Material for the task:
Lemma unit_cross0 (u v : pt) :
  dot u u = 1 -> dot v v = 1 -> cross u v = 0 -> v = u \/ v = popp u.
Proof.
  intros Hu Hv Hc. pose proof (dot_frame u v v) as S. rewrite Hu, Hv, Hc in S.
  assert (Hd : dot u v = 1 \/ dot u v = -1) by nra.
  assert (Dec : v = padd (pscale (dot u v) u) (pscale (cross u v) (rot90 u))).
  { destruct u as [a b], v as [x y]; unfold dot, cross, padd, pscale, rot90 in *; simpl in *.
    f_equal; [transitivity (x * (a * a + b * b)) | transitivity (y * (a * a + b * b))];
    (rewrite Hu; ring) || ring. }
  rewrite Hc in Dec. destruct Hd as [H | H]; rewrite H in Dec; [left | right]; rewrite Dec;
  destruct u; unfold padd, pscale, rot90, popp; simpl; f_equal; ring.
Qed.

Lemma axes_unit (v u : pt) : dot v v = 1 -> In u (axes v) -> dot u u = 1.
Proof.
  intros Hv Hu. destruct v as [a b]; unfold axes, dot, popp, rot90 in *; simpl in *.
  repeat (destruct Hu as [<- | Hu]; [simpl; lra |]). contradiction.
Qed.

Lemma axes_popp (v u : pt) : In u (axes (popp v)) -> In u (axes v).
Proof.
  unfold axes. rewrite popp_popp, rot90_popp, popp_popp. simpl. tauto.
Qed.

Lemma axes_rot90 (v u : pt) : In u (axes v) -> In (rot90 u) (axes v).
Proof.
  unfold axes. simpl. intros [<- | [<- | [<- | [<- | []]]]];
    rewrite ?rot90_popp, ?rot90_rot90, ?popp_popp; tauto.
Qed.

Lemma disk_dot (r : R) (q : pt) : 0 <= r -> dot q q <= r * r -> disk r q.
Proof.
  intros Hr Hq. unfold disk, pnorm. rewrite <- (sqrt_square r Hr).
  apply sqrt_le_1_alt; exact Hq.
Qed.

Lemma disk_dot_le1 (p : pt) : disk 1 p -> dot p p <= 1.
Proof.
  unfold disk, pnorm. intro H. apply Rnot_lt_le. intro Hlt.
  assert (Hs : sqrt 1 < sqrt (dot p p)) by (apply sqrt_lt_1_alt; lra).
  rewrite sqrt_1 in Hs. lra.
Qed.

Lemma pspan_opp_l_iff (v1 v2 z : pt) : 0 < cross v1 v2 ->
  pspan (popp v1) v2 z <-> 0 < cross v1 z /\ 0 < cross v2 z.
Proof.
  intro Hk. split.
  - intros (a & b & Ha & Hb & ->). destruct v1 as [p q], v2 as [u v].
    unfold cross, padd, pscale, popp in *; simpl in *. split; nra.
  - intros [H1 H2]. set (k := cross v1 v2) in *.
    exists (cross v2 z / k), (cross v1 z / k).
    split; [apply Rdiv_lt_0_compat; lra |]. split; [apply Rdiv_lt_0_compat; lra |].
    unfold k in *. destruct v1 as [p q], v2 as [u v], z as [x y].
    unfold cross, padd, pscale, popp in *; simpl in *. f_equal; field; lra.
Qed.

Lemma pspan_opp_r_iff (v1 v2 z : pt) :
  pspan v1 (popp v2) z <-> pspan (popp v1) v2 (popp z).
Proof.
  split; intros (a & b & Ha & Hb & Hz); exists a, b; (split; [exact Ha | split; [exact Hb |]]).
  - rewrite Hz. destruct v1, v2; unfold padd, pscale, popp; simpl; f_equal; ring.
  - rewrite <- (popp_popp z), Hz. destruct v1, v2; unfold padd, pscale, popp; simpl; f_equal; ring.
Qed.

Lemma translated_pspan_wedge (v1 v2 t y : pt) : 0 < cross v1 v2 ->
  (pspan (popp v1) v2 (psub y t) <-> wedge (rot90 v1) (rot90 v2) t y) /\
  (pspan v1 (popp v2) (psub y t) <-> wedge (popp (rot90 v1)) (popp (rot90 v2)) t y).
Proof.
  intro Hk. rewrite pspan_opp_r_iff, !pspan_opp_l_iff by exact Hk. unfold wedge.
  destruct v1, v2, t, y; unfold cross, dot, rot90, psub, popp; simpl.
  split; split; intros [? ?]; split; lra.
Qed.

Lemma halfplane_segment (d t p : pt) (s : R) (I : pt -> Prop) :
  (forall x, I x <-> 0 < cross d (psub x t)) -> 0 <= s <= 1 ->
  I (pscale s p) -> I origin \/ I p.
Proof.
  intros HI Hs. rewrite !HI.
  replace (cross d (psub (pscale s p) t))
    with ((1 - s) * cross d (psub origin t) + s * cross d (psub p t))
    by (destruct d, t, p; unfold cross, psub, pscale, origin; simpl; ring).
  intro H. destruct (Rlt_or_le 0 (cross d (psub origin t))); [left; exact H0 |].
  right. nra.
Qed.

Lemma wedge_exit_one_side (a1 a2 g1 g2 c0 r s : R) :
  0 <= s <= 1 -> 0 <= c0 -> 0 <= r -> a1 <= 0 ->
  0 < a1 + s * g1 -> 0 < a2 + s * g2 ->
  ~ (0 < a1 + g1 /\ 0 < a2 + g2) -> ~ (0 < a1 + r /\ 0 < a2 + r * c0) ->
  r < g1 /\ g2 < 0.
Proof.
  intros Hs Hc0 Hr Ha1 Hin1 Hin2 Hp Hq.
  assert (Hg1 : 0 < g1) by nra.
  assert (Hp1 : 0 < a1 + g1) by nra.
  assert (Hp2 : a2 + g2 <= 0) by (apply Rnot_lt_le; intro; tauto).
  assert (Ha2 : 0 < a2) by nra.
  assert (Hq1 : a1 + r <= 0) by (apply Rnot_lt_le; intro; apply Hq; split; nra).
  split; lra.
Qed.

(* With a_i = - m_i.t, g_i = m_i.p and c0 = m1.m2, the hypotheses say that the wedge
   [wedge m1 m2 t] contains s p but none of o, p, r m1, r m2. *)
Lemma wedge_exit (a1 a2 g1 g2 c0 r s : R) :
  0 <= s <= 1 -> 0 <= c0 -> 0 <= r ->
  0 < a1 + s * g1 -> 0 < a2 + s * g2 ->
  ~ (0 < a1 /\ 0 < a2) -> ~ (0 < a1 + g1 /\ 0 < a2 + g2) ->
  ~ (0 < a1 + r /\ 0 < a2 + r * c0) -> ~ (0 < a1 + r * c0 /\ 0 < a2 + r) ->
  (r < g1 /\ g2 < 0) \/ (r < g2 /\ g1 < 0).
Proof.
  intros Hs Hc0 Hr Hin1 Hin2 Ho Hp Hq1 Hq2. destruct (Rle_or_lt a1 0) as [Ha1 | Ha1].
  - left. exact (wedge_exit_one_side a1 a2 g1 g2 c0 r s Hs Hc0 Hr Ha1 Hin1 Hin2 Hp Hq1).
  - right. apply (wedge_exit_one_side a2 a1 g2 g1 c0 r s); try tauto.
    apply Rnot_lt_le. intro. tauto.
Qed.

(* Writing p and m2 in the frame (m1, m1^perp): m2.p < 0 < r c0 <= c0 (m1.p) forces the
   m1^perp-coordinate of p to exceed c0 r in absolute value. *)
Lemma far_pair_angle (m1 m2 p : pt) (r : R) :
  dot m1 m1 = 1 -> dot m2 m2 = 1 -> 0 <= dot m1 m2 -> dot p p <= 1 -> 0 <= r ->
  r < dot m1 p -> dot m2 p < 0 -> dot m1 m2 ^ 2 * r ^ 2 < 1 - r ^ 2.
Proof.
  intros U1 U2 Hc Hp Hr Hg Hneg.
  pose proof (dot_frame m1 m2 p) as E. pose proof (dot_frame m1 m2 m2) as Ek.
  pose proof (dot_frame m1 p p) as Eh. rewrite U1 in E, Ek, Eh. rewrite U2 in Ek.
  set (c0 := dot m1 m2) in *. set (g := dot m1 p) in *.
  set (k := cross m1 m2) in *. set (h := cross m1 p) in *.
  assert (Hcr : 0 <= c0 * r <= c0 * g) by (split; nra).
  assert (Hkh : c0 * g < - (k * h)) by lra.
  assert (Hkh2 : (c0 * r) ^ 2 < (k * h) ^ 2) by nra.
  assert (Hk2 : (k * h) ^ 2 <= h ^ 2) by nra.
  nra.
Qed.

Lemma rot_far (m p : pt) (th r : R) :
  0 <= cos th -> 0 < sin th -> 0 <= r ->
  dot m p < 0 -> r < dot (rot th m) p -> r < dot (rot90 m) p.
Proof.
  intros Hc Hs Hr Hneg Hfar. rewrite dot_rot_r in Hfar.
  pose proof (SIN_bound th). nra.
Qed.

Lemma wedge_segment_far (m p t : pt) (th r s : R) :
  dot m m = 1 -> 0 <= cos th -> 0 < sin th -> 0 <= r -> dot p p <= 1 -> 0 <= s <= 1 ->
  wedge m (rot th m) t (pscale s p) ->
  (forall y, wedge m (rot th m) t y -> ~ (disk r y \/ y = p)) ->
  cos th ^ 2 * r ^ 2 < 1 - r ^ 2 /\ (r < dot m p \/ r < dot (rot90 m) p).
Proof.
  intros Um Hc Hsn Hr Hp Hs Hin Hout.
  set (m2 := rot th m) in *.
  assert (U2 : dot m2 m2 = 1) by (unfold m2; rewrite dot_rot_rot; exact Um).
  assert (C12 : dot m m2 = cos th).
  { unfold m2. rewrite dot_comm, dot_rot_r, Um.
    destruct m; unfold dot, rot90; simpl; ring. }
  assert (C21 : dot m2 m = cos th) by (rewrite dot_comm; exact C12).
  assert (Excl : forall y, disk r y \/ y = p ->
    ~ (0 < - dot m t + dot m y /\ 0 < - dot m2 t + dot m2 y)).
  { intros y Hy [h1 h2]. apply (Hout y); [split; lra | exact Hy]. }
  assert (Dr : forall u, dot u u = 1 -> disk r (pscale r u)).
  { intros u Hu. apply disk_dot; [exact Hr |].
    rewrite dot_pscale_r, dot_comm, dot_pscale_r, Hu. lra. }
  destruct Hin as [Hin1 Hin2]. rewrite dot_pscale_r in Hin1, Hin2.
  destruct (wedge_exit (- dot m t) (- dot m2 t) (dot m p) (dot m2 p) (cos th) r s)
    as [[Hfar Hneg] | [Hfar Hneg]]; try lra.
  - intro H. apply (Excl origin); [left; apply disk_dot; unfold dot, origin; simpl; nra |].
    rewrite !dot_origin_r. lra.
  - apply (Excl p). right; reflexivity.
  - intro H. apply (Excl (pscale r m)); [left; exact (Dr m Um) |].
    rewrite !dot_pscale_r, Um, C21. lra.
  - intro H. apply (Excl (pscale r m2)); [left; exact (Dr m2 U2) |].
    rewrite !dot_pscale_r, U2, C12. lra.
  - split; [| left; exact Hfar].
    rewrite <- C12. apply (far_pair_angle m m2 p); lra.
  - split; [| right; exact (rot_far m p th r Hc Hsn Hr Hneg Hfar)].
    rewrite <- C21. apply (far_pair_angle m2 m p); lra.
Qed.

Lemma gap_dot_le_cos (D : pt -> Prop) (v1 v2 : pt) (th : R) :
  direction_set D -> D v1 -> ccw_angle v1 v2 th -> 0 <= th <= PI ->
  (forall w phi, D w -> ccw_angle v1 w phi -> ~ (0 < phi < th)) ->
  forall w, D w -> 0 < cross v1 w -> dot v1 w <= cos th.
Proof.
  intros [Hu _] Hv1 Hang Hth Hgap w Hw Hc.
  apply Rnot_lt_le. intro h.
  pose proof (Hu _ Hv1) as U1. pose proof (Hu _ Hw) as Uw.
  pose proof (dot_frame v1 w w) as Sp. rewrite U1, Uw in Sp.
  assert (Hb : -1 < dot v1 w < 1) by nra.
  pose proof (acos_bound_lt _ Hb) as Hphi.
  set (phi := acos (dot v1 w)) in *.
  assert (Cp : cos phi = dot v1 w) by (unfold phi; apply cos_acos; lra).
  assert (Sph : sin phi = cross v1 w).
  { unfold phi. rewrite sin_acos by lra.
    replace (1 - (dot v1 w)²) with (Rsqr (cross v1 w)) by (unfold Rsqr; lra).
    apply sqrt_Rsqr; lra. }
  apply (Hgap w phi Hw).
  - split; [pose proof PI_RGT_0; lra |].
    unfold rot. rewrite Cp, Sph. destruct v1 as [a b], w as [c d].
    unfold dot, cross in *; simpl in *. f_equal; nra.
  - split; [lra |]. apply (cos_decreasing_0 th phi); lra.
Qed.

Lemma Dpair_angle (D : pt -> Prop) (v1 v2 : pt) :
  direction_set D -> alpha_le D (PI / 2) -> Dpair D v1 v2 ->
  exists th, 0 < th <= PI / 2 /\ v2 = rot th v1 /\
    forall w, D w -> 0 < cross v1 w -> dot v1 w <= cos th.
Proof.
  intros HD Hal Hpair.
  pose proof Hpair as (Hv1 & _ & Hneq & th & Hang & Hgap).
  pose proof (Hal v1 v2 th Hpair Hang) as Hle. pose proof PI_RGT_0.
  exists th. destruct Hang as [[Hth0 _] Hrot].
  assert (Hpos : 0 < th).
  { destruct (Rle_lt_or_eq_dec 0 th Hth0) as [h | <-]; [exact h |]. exfalso.
    apply Hneq. rewrite Hrot. unfold rot. rewrite cos_0, sin_0.
    destruct v1; simpl; f_equal; ring. }
  split; [lra |]. split; [exact Hrot |].
  apply (gap_dot_le_cos D v1 v2 th HD Hv1); [split; [lra | exact Hrot] | lra | exact Hgap].
Qed.

Lemma Dpair_translate_wedge (v1 t : pt) (th : R) (Q I : pt -> Prop) :
  dot v1 v1 = 1 -> 0 < sin th ->
  (forall x, I x <-> Q (psub x t)) ->
  (forall x, Q x <-> pspan (popp v1) (rot th v1) x) \/
  (forall x, Q x <-> pspan v1 (popp (rot th v1)) x) ->
  exists m, In m (axes v1) /\ forall y, I y <-> wedge m (rot th m) t y.
Proof.
  intros U1 Hs HIQ HQ.
  assert (Hk : 0 < cross v1 (rot th v1)) by (rewrite cross_rot_r, U1; lra).
  destruct HQ as [HQ | HQ]; [exists (rot90 v1) | exists (popp (rot90 v1))];
    (split; [unfold axes; simpl; tauto |]); intro y; rewrite HIQ, HQ;
    rewrite ?rot_popp, rot_rot90; apply (translated_pspan_wedge v1 _ t y Hk).
Qed.

Lemma unsafe_witness (D : pt -> Prop) (r : R) (p : pt) : unsafe D r p ->
  exists s I, 0 <= s <= 1 /\ inT D I /\
    (forall y, I y -> ~ (disk r y \/ y = p)) /\ I (pscale s p).
Proof.
  intros [Hp1 Hns].
  destruct (classic (forall x, segment origin p x ->
                      CH_D D (fun y => disk r y \/ y = p) x)) as [Hall | Hn].
  { exfalso. apply Hns. split; assumption. }
  apply not_all_ex_not in Hn. destruct Hn as [x Hx].
  apply imply_to_and in Hx. destruct Hx as [[s [Hs ->]] Hch].
  apply not_all_ex_not in Hch. destruct Hch as [I HI].
  apply imply_to_and in HI. destruct HI as [HIT HI].
  apply imply_to_and in HI. destruct HI as [Hdis HIx]. apply NNPP in HIx.
  exists s, I. split; [exact Hs | split; [exact HIT | split; [exact Hdis |]]].
  replace (pscale s p) with (padd (pscale (1 - s) origin) (pscale s p)); [exact HIx |].
  destruct p; unfold padd, pscale, origin; simpl; f_equal; ring.
Qed.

Problem: Repeat exactly, and only, the lines of the records above, starting with the line that contains "(forall x, Q x <-> pspan v1" and ending with the final line, both included.

Problem solution:
  (forall x, Q x <-> pspan v1 (popp (rot th v1)) x) ->
  exists m, In m (axes v1) /\ forall y, I y <-> wedge m (rot th m) t y.
Proof.
  intros U1 Hs HIQ HQ.
  assert (Hk : 0 < cross v1 (rot th v1)) by (rewrite cross_rot_r, U1; lra).
  destruct HQ as [HQ | HQ]; [exists (rot90 v1) | exists (popp (rot90 v1))];
    (split; [unfold axes; simpl; tauto |]); intro y; rewrite HIQ, HQ;
    rewrite ?rot_popp, rot_rot90; apply (translated_pspan_wedge v1 _ t y Hk).
Qed.

Lemma unsafe_witness (D : pt -> Prop) (r : R) (p : pt) : unsafe D r p ->
  exists s I, 0 <= s <= 1 /\ inT D I /\
    (forall y, I y -> ~ (disk r y \/ y = p)) /\ I (pscale s p).
Proof.
  intros [Hp1 Hns].
  destruct (classic (forall x, segment origin p x ->
                      CH_D D (fun y => disk r y \/ y = p) x)) as [Hall | Hn].
  { exfalso. apply Hns. split; assumption. }
  apply not_all_ex_not in Hn. destruct Hn as [x Hx].
  apply imply_to_and in Hx. destruct Hx as [[s [Hs ->]] Hch].
  apply not_all_ex_not in Hch. destruct Hch as [I HI].
  apply imply_to_and in HI. destruct HI as [HIT HI].
  apply imply_to_and in HI. destruct HI as [Hdis HIx]. apply NNPP in HIx.
  exists s, I. split; [exact Hs | split; [exact HIT | split; [exact Hdis |]]].
  replace (pscale s p) with (padd (pscale (1 - s) origin) (pscale s p)); [exact HIx |].
  destruct p; unfold padd, pscale, origin; simpl; f_equal; ring.
Qed.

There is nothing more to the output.